## EXERCISE
From the line with "(forall x y, d x y = d y x) /\" through the line with "j) = dF i j).", inclusive, return each line of the data below exactly and leave the rest out.

## DATA
*** Begin section ***
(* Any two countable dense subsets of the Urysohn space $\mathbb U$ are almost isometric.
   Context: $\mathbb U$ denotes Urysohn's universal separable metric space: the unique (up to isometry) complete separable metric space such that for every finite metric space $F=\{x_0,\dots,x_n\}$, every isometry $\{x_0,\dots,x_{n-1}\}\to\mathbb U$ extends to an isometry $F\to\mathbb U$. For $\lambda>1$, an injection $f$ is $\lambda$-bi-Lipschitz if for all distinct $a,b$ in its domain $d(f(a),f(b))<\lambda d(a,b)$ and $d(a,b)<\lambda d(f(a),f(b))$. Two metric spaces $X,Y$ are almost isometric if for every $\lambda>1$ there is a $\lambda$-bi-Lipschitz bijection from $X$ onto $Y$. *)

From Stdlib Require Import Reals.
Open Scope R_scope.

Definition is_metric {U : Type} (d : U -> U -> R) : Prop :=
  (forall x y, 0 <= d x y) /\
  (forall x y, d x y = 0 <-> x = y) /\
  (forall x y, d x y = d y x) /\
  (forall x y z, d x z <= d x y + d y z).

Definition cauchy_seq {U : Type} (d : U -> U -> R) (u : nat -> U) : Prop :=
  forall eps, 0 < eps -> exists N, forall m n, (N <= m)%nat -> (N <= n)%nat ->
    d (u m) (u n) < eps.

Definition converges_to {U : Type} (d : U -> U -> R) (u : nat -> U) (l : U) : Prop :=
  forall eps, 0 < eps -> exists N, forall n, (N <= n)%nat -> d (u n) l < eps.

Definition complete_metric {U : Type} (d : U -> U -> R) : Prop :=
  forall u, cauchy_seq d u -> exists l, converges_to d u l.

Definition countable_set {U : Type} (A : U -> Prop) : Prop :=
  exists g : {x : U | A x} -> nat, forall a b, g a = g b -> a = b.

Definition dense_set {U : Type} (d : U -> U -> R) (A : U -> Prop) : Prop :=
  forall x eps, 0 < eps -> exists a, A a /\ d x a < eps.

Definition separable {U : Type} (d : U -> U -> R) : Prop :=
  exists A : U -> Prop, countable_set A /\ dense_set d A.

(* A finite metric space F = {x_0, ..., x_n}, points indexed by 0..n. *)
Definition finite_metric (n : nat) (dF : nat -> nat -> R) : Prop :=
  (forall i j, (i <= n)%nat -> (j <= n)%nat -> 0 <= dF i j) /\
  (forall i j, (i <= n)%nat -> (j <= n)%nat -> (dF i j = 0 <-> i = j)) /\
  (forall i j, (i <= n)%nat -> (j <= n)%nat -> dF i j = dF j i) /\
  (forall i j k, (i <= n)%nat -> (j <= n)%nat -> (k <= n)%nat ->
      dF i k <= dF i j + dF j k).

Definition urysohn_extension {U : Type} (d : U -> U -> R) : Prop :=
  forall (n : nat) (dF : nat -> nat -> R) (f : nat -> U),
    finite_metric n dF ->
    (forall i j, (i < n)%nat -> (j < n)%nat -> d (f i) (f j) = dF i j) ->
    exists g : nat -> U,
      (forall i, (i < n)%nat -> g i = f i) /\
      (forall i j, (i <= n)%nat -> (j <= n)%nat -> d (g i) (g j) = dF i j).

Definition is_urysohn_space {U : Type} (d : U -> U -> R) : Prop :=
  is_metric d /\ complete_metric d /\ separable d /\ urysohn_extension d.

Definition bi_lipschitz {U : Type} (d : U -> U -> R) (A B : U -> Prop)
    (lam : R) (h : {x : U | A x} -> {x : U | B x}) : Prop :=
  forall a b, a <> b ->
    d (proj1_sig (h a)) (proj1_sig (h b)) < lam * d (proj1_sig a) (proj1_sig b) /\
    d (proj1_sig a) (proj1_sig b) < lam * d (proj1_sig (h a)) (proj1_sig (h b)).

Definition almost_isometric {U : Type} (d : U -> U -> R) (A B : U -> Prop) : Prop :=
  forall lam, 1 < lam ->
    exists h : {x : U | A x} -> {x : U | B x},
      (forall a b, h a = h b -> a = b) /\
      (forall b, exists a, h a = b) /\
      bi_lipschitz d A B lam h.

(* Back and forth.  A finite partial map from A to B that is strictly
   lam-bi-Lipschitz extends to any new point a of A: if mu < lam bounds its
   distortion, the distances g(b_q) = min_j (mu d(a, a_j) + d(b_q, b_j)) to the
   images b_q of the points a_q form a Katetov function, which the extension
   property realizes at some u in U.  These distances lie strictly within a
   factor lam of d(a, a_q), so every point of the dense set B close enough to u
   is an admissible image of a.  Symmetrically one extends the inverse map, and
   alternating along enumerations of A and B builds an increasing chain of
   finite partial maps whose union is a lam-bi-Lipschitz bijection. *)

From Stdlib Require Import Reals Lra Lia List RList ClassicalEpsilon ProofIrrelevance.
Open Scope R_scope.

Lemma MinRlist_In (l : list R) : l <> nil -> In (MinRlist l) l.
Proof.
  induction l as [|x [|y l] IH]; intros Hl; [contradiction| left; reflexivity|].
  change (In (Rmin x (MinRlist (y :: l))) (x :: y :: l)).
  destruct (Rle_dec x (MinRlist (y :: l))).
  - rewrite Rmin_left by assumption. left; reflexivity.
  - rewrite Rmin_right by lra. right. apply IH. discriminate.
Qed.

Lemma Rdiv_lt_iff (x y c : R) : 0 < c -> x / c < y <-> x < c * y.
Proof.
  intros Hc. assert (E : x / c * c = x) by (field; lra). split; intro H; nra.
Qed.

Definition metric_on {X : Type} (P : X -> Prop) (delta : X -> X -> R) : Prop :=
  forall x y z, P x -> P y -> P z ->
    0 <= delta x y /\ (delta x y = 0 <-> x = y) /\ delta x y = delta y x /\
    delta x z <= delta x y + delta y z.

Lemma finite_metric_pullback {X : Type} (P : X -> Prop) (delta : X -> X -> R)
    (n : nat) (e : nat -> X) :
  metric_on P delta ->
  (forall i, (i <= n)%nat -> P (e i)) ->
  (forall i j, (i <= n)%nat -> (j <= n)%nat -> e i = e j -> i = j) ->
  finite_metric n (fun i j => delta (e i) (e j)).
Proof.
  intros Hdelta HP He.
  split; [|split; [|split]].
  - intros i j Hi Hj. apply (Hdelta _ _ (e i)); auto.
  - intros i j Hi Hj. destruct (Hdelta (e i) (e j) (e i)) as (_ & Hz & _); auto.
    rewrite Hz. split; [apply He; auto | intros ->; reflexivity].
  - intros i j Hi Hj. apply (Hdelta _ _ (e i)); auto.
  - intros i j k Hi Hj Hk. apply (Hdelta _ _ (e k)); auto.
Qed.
*** End section ***
*** Begin section ***
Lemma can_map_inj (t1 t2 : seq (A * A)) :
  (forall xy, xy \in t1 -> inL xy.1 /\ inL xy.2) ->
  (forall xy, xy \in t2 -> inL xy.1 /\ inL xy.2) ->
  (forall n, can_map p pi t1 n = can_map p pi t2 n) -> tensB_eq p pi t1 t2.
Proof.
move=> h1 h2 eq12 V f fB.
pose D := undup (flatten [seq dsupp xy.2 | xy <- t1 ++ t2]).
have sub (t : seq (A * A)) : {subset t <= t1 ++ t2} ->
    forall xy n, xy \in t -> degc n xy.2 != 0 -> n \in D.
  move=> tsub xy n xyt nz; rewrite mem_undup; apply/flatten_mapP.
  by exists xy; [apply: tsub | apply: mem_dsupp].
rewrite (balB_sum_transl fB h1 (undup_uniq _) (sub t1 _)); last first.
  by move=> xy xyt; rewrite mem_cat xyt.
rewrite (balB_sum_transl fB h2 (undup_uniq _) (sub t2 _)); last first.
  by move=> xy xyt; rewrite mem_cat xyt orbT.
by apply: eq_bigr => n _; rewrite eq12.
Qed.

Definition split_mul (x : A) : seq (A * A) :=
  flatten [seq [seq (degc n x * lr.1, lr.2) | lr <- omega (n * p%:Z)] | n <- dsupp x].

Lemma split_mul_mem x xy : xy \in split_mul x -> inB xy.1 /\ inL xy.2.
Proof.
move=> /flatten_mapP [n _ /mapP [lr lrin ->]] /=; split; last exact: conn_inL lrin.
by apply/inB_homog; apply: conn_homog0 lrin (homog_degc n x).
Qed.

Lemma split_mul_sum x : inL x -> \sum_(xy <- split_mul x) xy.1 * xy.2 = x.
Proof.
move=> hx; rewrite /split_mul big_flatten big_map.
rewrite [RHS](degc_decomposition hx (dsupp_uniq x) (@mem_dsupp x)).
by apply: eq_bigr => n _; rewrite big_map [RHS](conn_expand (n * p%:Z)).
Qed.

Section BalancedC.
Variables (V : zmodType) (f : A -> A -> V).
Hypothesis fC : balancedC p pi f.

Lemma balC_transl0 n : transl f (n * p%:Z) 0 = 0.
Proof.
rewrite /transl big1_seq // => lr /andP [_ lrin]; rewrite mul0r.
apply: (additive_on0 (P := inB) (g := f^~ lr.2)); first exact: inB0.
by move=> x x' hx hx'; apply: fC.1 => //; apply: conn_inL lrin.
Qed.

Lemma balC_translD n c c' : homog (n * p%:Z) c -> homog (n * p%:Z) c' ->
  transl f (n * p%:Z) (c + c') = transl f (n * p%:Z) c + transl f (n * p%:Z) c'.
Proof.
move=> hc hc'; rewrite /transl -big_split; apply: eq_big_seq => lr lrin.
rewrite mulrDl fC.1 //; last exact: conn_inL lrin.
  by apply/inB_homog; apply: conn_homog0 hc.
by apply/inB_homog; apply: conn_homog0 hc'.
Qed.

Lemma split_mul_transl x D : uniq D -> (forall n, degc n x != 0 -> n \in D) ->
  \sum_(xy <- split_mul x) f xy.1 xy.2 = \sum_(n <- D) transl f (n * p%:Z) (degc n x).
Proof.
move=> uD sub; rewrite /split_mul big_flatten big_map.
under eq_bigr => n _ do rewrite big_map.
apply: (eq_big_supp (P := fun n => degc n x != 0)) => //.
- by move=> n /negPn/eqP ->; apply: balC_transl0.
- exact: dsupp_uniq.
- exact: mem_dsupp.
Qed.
*** End section ***
*** Begin section ***
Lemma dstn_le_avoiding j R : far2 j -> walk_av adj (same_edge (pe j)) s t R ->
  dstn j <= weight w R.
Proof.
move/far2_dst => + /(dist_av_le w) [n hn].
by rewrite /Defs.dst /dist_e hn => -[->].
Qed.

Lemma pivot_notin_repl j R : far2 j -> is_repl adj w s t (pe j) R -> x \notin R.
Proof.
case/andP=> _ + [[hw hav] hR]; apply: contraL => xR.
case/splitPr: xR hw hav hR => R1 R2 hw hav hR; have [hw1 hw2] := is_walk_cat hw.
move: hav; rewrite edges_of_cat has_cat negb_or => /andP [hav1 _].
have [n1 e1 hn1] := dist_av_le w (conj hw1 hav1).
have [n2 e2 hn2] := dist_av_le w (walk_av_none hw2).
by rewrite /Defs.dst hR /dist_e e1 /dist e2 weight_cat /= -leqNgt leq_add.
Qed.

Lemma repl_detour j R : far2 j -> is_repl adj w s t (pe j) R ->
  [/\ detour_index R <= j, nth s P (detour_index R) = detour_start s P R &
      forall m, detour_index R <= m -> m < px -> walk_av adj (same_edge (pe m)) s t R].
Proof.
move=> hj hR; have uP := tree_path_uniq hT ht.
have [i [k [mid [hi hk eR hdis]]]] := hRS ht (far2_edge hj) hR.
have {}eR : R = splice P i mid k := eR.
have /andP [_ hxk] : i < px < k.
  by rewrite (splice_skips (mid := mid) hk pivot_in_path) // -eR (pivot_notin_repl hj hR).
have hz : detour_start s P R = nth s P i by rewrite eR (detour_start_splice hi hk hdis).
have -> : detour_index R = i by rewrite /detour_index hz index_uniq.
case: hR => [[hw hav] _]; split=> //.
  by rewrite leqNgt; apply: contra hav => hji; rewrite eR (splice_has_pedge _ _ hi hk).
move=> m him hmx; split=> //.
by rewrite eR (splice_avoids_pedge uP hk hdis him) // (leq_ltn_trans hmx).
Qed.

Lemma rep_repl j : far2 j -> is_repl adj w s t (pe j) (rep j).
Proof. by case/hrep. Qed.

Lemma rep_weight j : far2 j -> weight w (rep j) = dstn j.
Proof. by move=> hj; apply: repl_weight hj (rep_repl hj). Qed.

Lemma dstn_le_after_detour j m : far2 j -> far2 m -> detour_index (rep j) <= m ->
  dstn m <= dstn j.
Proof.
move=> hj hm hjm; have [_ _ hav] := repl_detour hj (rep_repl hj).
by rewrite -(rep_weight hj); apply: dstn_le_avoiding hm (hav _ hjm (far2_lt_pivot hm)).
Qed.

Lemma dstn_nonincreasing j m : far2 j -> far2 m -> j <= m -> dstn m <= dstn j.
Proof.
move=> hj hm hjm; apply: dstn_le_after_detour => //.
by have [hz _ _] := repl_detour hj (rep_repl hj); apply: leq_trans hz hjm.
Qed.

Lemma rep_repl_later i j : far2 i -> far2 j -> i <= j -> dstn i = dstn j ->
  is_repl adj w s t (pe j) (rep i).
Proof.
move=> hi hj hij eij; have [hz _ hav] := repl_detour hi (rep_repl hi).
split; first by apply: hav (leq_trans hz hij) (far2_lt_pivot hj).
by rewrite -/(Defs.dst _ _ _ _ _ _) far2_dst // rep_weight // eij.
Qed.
*** End section ***
## SOLUTION FOR THIS PROBLEM
  (forall x y, d x y = d y x) /\
  (forall x y z, d x z <= d x y + d y z).

Definition cauchy_seq {U : Type} (d : U -> U -> R) (u : nat -> U) : Prop :=
  forall eps, 0 < eps -> exists N, forall m n, (N <= m)%nat -> (N <= n)%nat ->
    d (u m) (u n) < eps.

Definition converges_to {U : Type} (d : U -> U -> R) (u : nat -> U) (l : U) : Prop :=
  forall eps, 0 < eps -> exists N, forall n, (N <= n)%nat -> d (u n) l < eps.

Definition complete_metric {U : Type} (d : U -> U -> R) : Prop :=
  forall u, cauchy_seq d u -> exists l, converges_to d u l.

Definition countable_set {U : Type} (A : U -> Prop) : Prop :=
  exists g : {x : U | A x} -> nat, forall a b, g a = g b -> a = b.

Definition dense_set {U : Type} (d : U -> U -> R) (A : U -> Prop) : Prop :=
  forall x eps, 0 < eps -> exists a, A a /\ d x a < eps.

Definition separable {U : Type} (d : U -> U -> R) : Prop :=
  exists A : U -> Prop, countable_set A /\ dense_set d A.

(* A finite metric space F = {x_0, ..., x_n}, points indexed by 0..n. *)
Definition finite_metric (n : nat) (dF : nat -> nat -> R) : Prop :=
  (forall i j, (i <= n)%nat -> (j <= n)%nat -> 0 <= dF i j) /\
  (forall i j, (i <= n)%nat -> (j <= n)%nat -> (dF i j = 0 <-> i = j)) /\
  (forall i j, (i <= n)%nat -> (j <= n)%nat -> dF i j = dF j i) /\
  (forall i j k, (i <= n)%nat -> (j <= n)%nat -> (k <= n)%nat ->
      dF i k <= dF i j + dF j k).

Definition urysohn_extension {U : Type} (d : U -> U -> R) : Prop :=
  forall (n : nat) (dF : nat -> nat -> R) (f : nat -> U),
    finite_metric n dF ->
    (forall i j, (i < n)%nat -> (j < n)%nat -> d (f i) (f j) = dF i j) ->
    exists g : nat -> U,
      (forall i, (i < n)%nat -> g i = f i) /\
      (forall i j, (i <= n)%nat -> (j <= n)%nat -> d (g i) (g j) = dF i j).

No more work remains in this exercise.